DATA SUPPLIED
(* Let $\mathcal{A}$ be a finite abelian group and let $\mu$ be the stationary Markov measure on $\mathcal{A}^{\mathbb{Z}}$ with transition matrix $Q=(q^a_b)_{a,b\in\mathcal{A}}$ (where $q^a_b=\Pr[c_1=b\mid c_0=a]$) and stationary probability vector $\nu=(\nu_a)_{a\in\mathcal{A}}$ (with $\nu_a=\Pr[c_0=a]$). If all entries $q^a_b$ are nonzero, then $\mu$ is harmonically mixing.
   Context: Characters of $\mathcal{A}^{\mathbb{Z}}$ are $\chi=\bigotimes_{n\in\mathbb{Z}}\chi_n$ with $\chi_n$ characters of $\mathcal{A}$, all but finitely many trivial; rank$(\chi)$ is the number of nontrivial $\chi_n$. A measure $\mu$ is harmonically mixing if for every $\varepsilon>0$ there is $R$ such that rank$(\chi)>R$ implies $|\int\chi\,d\mu|<\varepsilon$. *)

From HB Require Import structures.
From mathcomp Require Import all_boot all_order all_algebra.
From mathcomp Require Import all_classical all_reals all_analysis.
From mathcomp Require Import complex.
Set Implicit Arguments. Unset Strict Implicit. Unset Printing Implicit Defensive.
Import Order.TTheory GRing.Theory Num.Theory.
Local Open Scope classical_set_scope.
Local Open Scope ring_scope.

(* Cylinder generators: the sets {c | c_n = a}.  The product sigma-algebra on
   A^Z is the sigma-algebra they generate. *)
(* alias of A carrying the (inessential) pointed structure needed to build
   a measurable type; the point 0 plays no mathematical role *)
Definition ptA (A : finZmodType) : Type := A.
HB.instance Definition _ (A : finZmodType) := Choice.on (ptA A).
HB.instance Definition _ (A : finZmodType) := isPointed.Build (ptA A) (0%R : A).

Definition coord_sets (A : finZmodType) : set (set (int -> ptA A)) :=
  [set C | exists (n : int) (a : A), C = [set c | c n = a]].

Notation config A := (g_sigma_algebraType (@coord_sets A)).

Definition is_char (R : rcfType) (A : finZmodType) (chi : A -> R[i]) : Prop :=
  (forall a b : A, chi (a + b) = chi a * chi b) /\ (forall a : A, `|chi a| = 1).

Definition char_trivial (R : rcfType) (A : finZmodType) (chi : A -> R[i]) : Prop :=
  forall a : A, chi a = 1.

(* Evaluation of the character  (x)_{n in Z} chi_n  at c, where s lists (without
   repetition) a finite set of indices outside of which every chi_n is trivial. *)
Definition char_eval (R : rcfType) (A : finZmodType) (chi : int -> A -> R[i])
  (s : seq int) (c : int -> A) : R[i] :=
  \prod_(n <- s) chi n (c n).

Definition cintegral (R : realType) d (T : measurableType d)
  (mu : {measure set T -> \bar R}) (f : T -> R[i]) : R[i] :=
  (fine (\int[mu]_x (complex.Re (f x))%:E) +i* fine (\int[mu]_x (complex.Im (f x))%:E))%C.

Definition stochastic (R : realType) (A : finType) (q : A -> A -> R) : Prop :=
  (forall a b, 0 <= q a b) /\ (forall a, \sum_(b : A) q a b = 1).

Definition stationary_prob (R : realType) (A : finType) (q : A -> A -> R)
  (nu : A -> R) : Prop :=
  (forall a, 0 <= nu a) /\ \sum_(a : A) nu a = 1 /\
  (forall b, \sum_(a : A) nu a * q a b = nu b).

Definition is_markov_measure (R : realType) (A : finZmodType)
  (q : A -> A -> R) (nu : A -> R) (mu : probability (config A) R) : Prop :=
  forall (m : int) (L : nat) (w : 'I_L.+1 -> A),
    mu [set c : config A | forall i : 'I_L.+1, c (m + (i : nat)%:Z)%R = w i]
    = (nu (w ord0) * \prod_(i < L) q (w (inord i)) (w (inord i.+1)))%:E.

Definition harmonically_mixing (R : realType) (A : finZmodType)
  (mu : probability (config A) R) : Prop :=
  forall eps : R, 0 < eps -> exists R0 : nat,
    forall (chi : int -> A -> R[i]) (s : seq int),
      uniq s ->
      (forall n, is_char (chi n)) ->
      (forall n, n \notin s -> char_trivial (chi n)) ->
      (R0 < count (fun n => `[< ~ char_trivial (chi n) >]) s)%N ->
      `| cintegral mu (char_eval chi s) | < (eps%:C)%C.

From HB Require Import structures.
From mathcomp Require Import all_boot all_order all_algebra.
From mathcomp Require Import all_classical all_reals all_analysis.
From mathcomp Require Import complex.
From mathcomp Require Import zify ring.
Import Order.TTheory GRing.Theory Num.Theory.
Set Implicit Arguments. Unset Strict Implicit. Unset Printing Implicit Defensive.
Local Open Scope classical_set_scope.
Local Open Scope complex_scope.
Local Open Scope ring_scope.

(* If the support of the character (x)_n chi_n lies in the window m < n < m + L,
   its integral against the Markov measure is sum_a nu_a E_a[prod_j chi_(m+j)(X_j)],
   X being the chain with kernel q.  Let d > 0 be the least entry of q and N = #|A|.
   At a nontrivial factor chi_j, split the two-step kernel q_ab q_bc into its
   uniform part d^2 and the rest: the uniform part integrates chi_j to 0, since a
   nontrivial character sums to 0 over A, and the rest has mass rho = 1 - (N d)^2 < 1.
   Each such contraction consumes two steps, so the integral is at most
   rho^(rank/2), which is small once the rank is large. *)

Lemma char_sum_eq0 (R : rcfType) (A : finZmodType) (chi : A -> R[i]) :
  is_char chi -> ~ char_trivial chi -> \sum_(b : A) chi b = 0.
Proof.
case=> chiD _ /existsNP[b /eqP chib_neq1].
have chib_sum : chi b * \sum_(a : A) chi a = \sum_(a : A) chi a.
  rewrite mulr_sumr; under eq_bigr do rewrite -chiD.
  by rewrite [RHS](reindex_inj (addrI b)).
have : (chi b - 1) * \sum_(a : A) chi a = 0 by rewrite mulrBl chib_sum mul1r subrr.
by move/eqP; rewrite mulf_eq0 subr_eq0 (negbTE chib_neq1) => /eqP.
Qed.

Lemma normr_convex_comb_le (R : rcfType) (A : finType) (p : A -> R) (g : A -> R[i]) (M : R) :
  (forall b, 0 <= p b) -> \sum_(b : A) p b = 1 ->
  (forall b, `|g b| <= M%:C) -> `|\sum_(b : A) (p b)%:C * g b| <= M%:C.
Proof.
move=> p_ge0 p_sum1 g_le.
apply: le_trans (ler_norm_sum _ _ _) _.
apply: (@le_trans _ _ (\sum_(b : A) (p b * M)%:C)).
  apply: ler_sum => b _; rewrite normrM ger0_norm ?ler0c // rmorphM /=.
  by apply: ler_wpM2l; rewrite ?ler0c.
by rewrite -rmorph_sum /= -mulr_suml p_sum1 mul1r.
Qed.

Section TwoStepContraction.
Variables (R : rcfType) (A : finType) (q : A -> A -> R) (d : R).
Hypotheses (q_ge : forall a b, d <= q a b) (q_row1 : forall a, \sum_(b : A) q a b = 1).
Hypothesis d_ge0 : 0 <= d.

Lemma card_mul_lbound_le1 : #|A|%:R * d <= 1.
Proof.
have [a _ | A0] := pickP (@predT A); last by rewrite eq_card0 // mul0r ler01.
have -> : #|A|%:R * d = \sum_(b : A) d by rewrite sumr_const mulr_natl.
by rewrite -(q_row1 a); apply: ler_sum => b _; apply: q_ge.
Qed.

WORK INSTRUCTION
Set the data above down again in full, exactly as it reads.

ANSWER TO THE PROBLEM
(* Let $\mathcal{A}$ be a finite abelian group and let $\mu$ be the stationary Markov measure on $\mathcal{A}^{\mathbb{Z}}$ with transition matrix $Q=(q^a_b)_{a,b\in\mathcal{A}}$ (where $q^a_b=\Pr[c_1=b\mid c_0=a]$) and stationary probability vector $\nu=(\nu_a)_{a\in\mathcal{A}}$ (with $\nu_a=\Pr[c_0=a]$). If all entries $q^a_b$ are nonzero, then $\mu$ is harmonically mixing.
   Context: Characters of $\mathcal{A}^{\mathbb{Z}}$ are $\chi=\bigotimes_{n\in\mathbb{Z}}\chi_n$ with $\chi_n$ characters of $\mathcal{A}$, all but finitely many trivial; rank$(\chi)$ is the number of nontrivial $\chi_n$. A measure $\mu$ is harmonically mixing if for every $\varepsilon>0$ there is $R$ such that rank$(\chi)>R$ implies $|\int\chi\,d\mu|<\varepsilon$. *)

From HB Require Import structures.
From mathcomp Require Import all_boot all_order all_algebra.
From mathcomp Require Import all_classical all_reals all_analysis.
From mathcomp Require Import complex.
Set Implicit Arguments. Unset Strict Implicit. Unset Printing Implicit Defensive.
Import Order.TTheory GRing.Theory Num.Theory.
Local Open Scope classical_set_scope.
Local Open Scope ring_scope.

(* Cylinder generators: the sets {c | c_n = a}.  The product sigma-algebra on
   A^Z is the sigma-algebra they generate. *)
(* alias of A carrying the (inessential) pointed structure needed to build
   a measurable type; the point 0 plays no mathematical role *)
Definition ptA (A : finZmodType) : Type := A.
HB.instance Definition _ (A : finZmodType) := Choice.on (ptA A).
HB.instance Definition _ (A : finZmodType) := isPointed.Build (ptA A) (0%R : A).

Definition coord_sets (A : finZmodType) : set (set (int -> ptA A)) :=
  [set C | exists (n : int) (a : A), C = [set c | c n = a]].

Notation config A := (g_sigma_algebraType (@coord_sets A)).

Definition is_char (R : rcfType) (A : finZmodType) (chi : A -> R[i]) : Prop :=
  (forall a b : A, chi (a + b) = chi a * chi b) /\ (forall a : A, `|chi a| = 1).

Definition char_trivial (R : rcfType) (A : finZmodType) (chi : A -> R[i]) : Prop :=
  forall a : A, chi a = 1.

(* Evaluation of the character  (x)_{n in Z} chi_n  at c, where s lists (without
   repetition) a finite set of indices outside of which every chi_n is trivial. *)
Definition char_eval (R : rcfType) (A : finZmodType) (chi : int -> A -> R[i])
  (s : seq int) (c : int -> A) : R[i] :=
  \prod_(n <- s) chi n (c n).

Definition cintegral (R : realType) d (T : measurableType d)
  (mu : {measure set T -> \bar R}) (f : T -> R[i]) : R[i] :=
  (fine (\int[mu]_x (complex.Re (f x))%:E) +i* fine (\int[mu]_x (complex.Im (f x))%:E))%C.

Definition stochastic (R : realType) (A : finType) (q : A -> A -> R) : Prop :=
  (forall a b, 0 <= q a b) /\ (forall a, \sum_(b : A) q a b = 1).

Definition stationary_prob (R : realType) (A : finType) (q : A -> A -> R)
  (nu : A -> R) : Prop :=
  (forall a, 0 <= nu a) /\ \sum_(a : A) nu a = 1 /\
  (forall b, \sum_(a : A) nu a * q a b = nu b).

Definition is_markov_measure (R : realType) (A : finZmodType)
  (q : A -> A -> R) (nu : A -> R) (mu : probability (config A) R) : Prop :=
  forall (m : int) (L : nat) (w : 'I_L.+1 -> A),
    mu [set c : config A | forall i : 'I_L.+1, c (m + (i : nat)%:Z)%R = w i]
    = (nu (w ord0) * \prod_(i < L) q (w (inord i)) (w (inord i.+1)))%:E.

Definition harmonically_mixing (R : realType) (A : finZmodType)
  (mu : probability (config A) R) : Prop :=
  forall eps : R, 0 < eps -> exists R0 : nat,
    forall (chi : int -> A -> R[i]) (s : seq int),
      uniq s ->
      (forall n, is_char (chi n)) ->
      (forall n, n \notin s -> char_trivial (chi n)) ->
      (R0 < count (fun n => `[< ~ char_trivial (chi n) >]) s)%N ->
      `| cintegral mu (char_eval chi s) | < (eps%:C)%C.

From HB Require Import structures.
From mathcomp Require Import all_boot all_order all_algebra.
From mathcomp Require Import all_classical all_reals all_analysis.
From mathcomp Require Import complex.
From mathcomp Require Import zify ring.
Import Order.TTheory GRing.Theory Num.Theory.
Set Implicit Arguments. Unset Strict Implicit. Unset Printing Implicit Defensive.
Local Open Scope classical_set_scope.
Local Open Scope complex_scope.
Local Open Scope ring_scope.

(* If the support of the character (x)_n chi_n lies in the window m < n < m + L,
   its integral against the Markov measure is sum_a nu_a E_a[prod_j chi_(m+j)(X_j)],
   X being the chain with kernel q.  Let d > 0 be the least entry of q and N = #|A|.
   At a nontrivial factor chi_j, split the two-step kernel q_ab q_bc into its
   uniform part d^2 and the rest: the uniform part integrates chi_j to 0, since a
   nontrivial character sums to 0 over A, and the rest has mass rho = 1 - (N d)^2 < 1.
   Each such contraction consumes two steps, so the integral is at most
   rho^(rank/2), which is small once the rank is large. *)

Lemma char_sum_eq0 (R : rcfType) (A : finZmodType) (chi : A -> R[i]) :
  is_char chi -> ~ char_trivial chi -> \sum_(b : A) chi b = 0.
Proof.
case=> chiD _ /existsNP[b /eqP chib_neq1].
have chib_sum : chi b * \sum_(a : A) chi a = \sum_(a : A) chi a.
  rewrite mulr_sumr; under eq_bigr do rewrite -chiD.
  by rewrite [RHS](reindex_inj (addrI b)).
have : (chi b - 1) * \sum_(a : A) chi a = 0 by rewrite mulrBl chib_sum mul1r subrr.
by move/eqP; rewrite mulf_eq0 subr_eq0 (negbTE chib_neq1) => /eqP.
Qed.

Lemma normr_convex_comb_le (R : rcfType) (A : finType) (p : A -> R) (g : A -> R[i]) (M : R) :
  (forall b, 0 <= p b) -> \sum_(b : A) p b = 1 ->
  (forall b, `|g b| <= M%:C) -> `|\sum_(b : A) (p b)%:C * g b| <= M%:C.
Proof.
move=> p_ge0 p_sum1 g_le.
apply: le_trans (ler_norm_sum _ _ _) _.
apply: (@le_trans _ _ (\sum_(b : A) (p b * M)%:C)).
  apply: ler_sum => b _; rewrite normrM ger0_norm ?ler0c // rmorphM /=.
  by apply: ler_wpM2l; rewrite ?ler0c.
by rewrite -rmorph_sum /= -mulr_suml p_sum1 mul1r.
Qed.

Section TwoStepContraction.
Variables (R : rcfType) (A : finType) (q : A -> A -> R) (d : R).
Hypotheses (q_ge : forall a b, d <= q a b) (q_row1 : forall a, \sum_(b : A) q a b = 1).
Hypothesis d_ge0 : 0 <= d.

Lemma card_mul_lbound_le1 : #|A|%:R * d <= 1.
Proof.
have [a _ | A0] := pickP (@predT A); last by rewrite eq_card0 // mul0r ler01.
have -> : #|A|%:R * d = \sum_(b : A) d by rewrite sumr_const mulr_natl.
by rewrite -(q_row1 a); apply: ler_sum => b _; apply: q_ge.
Qed.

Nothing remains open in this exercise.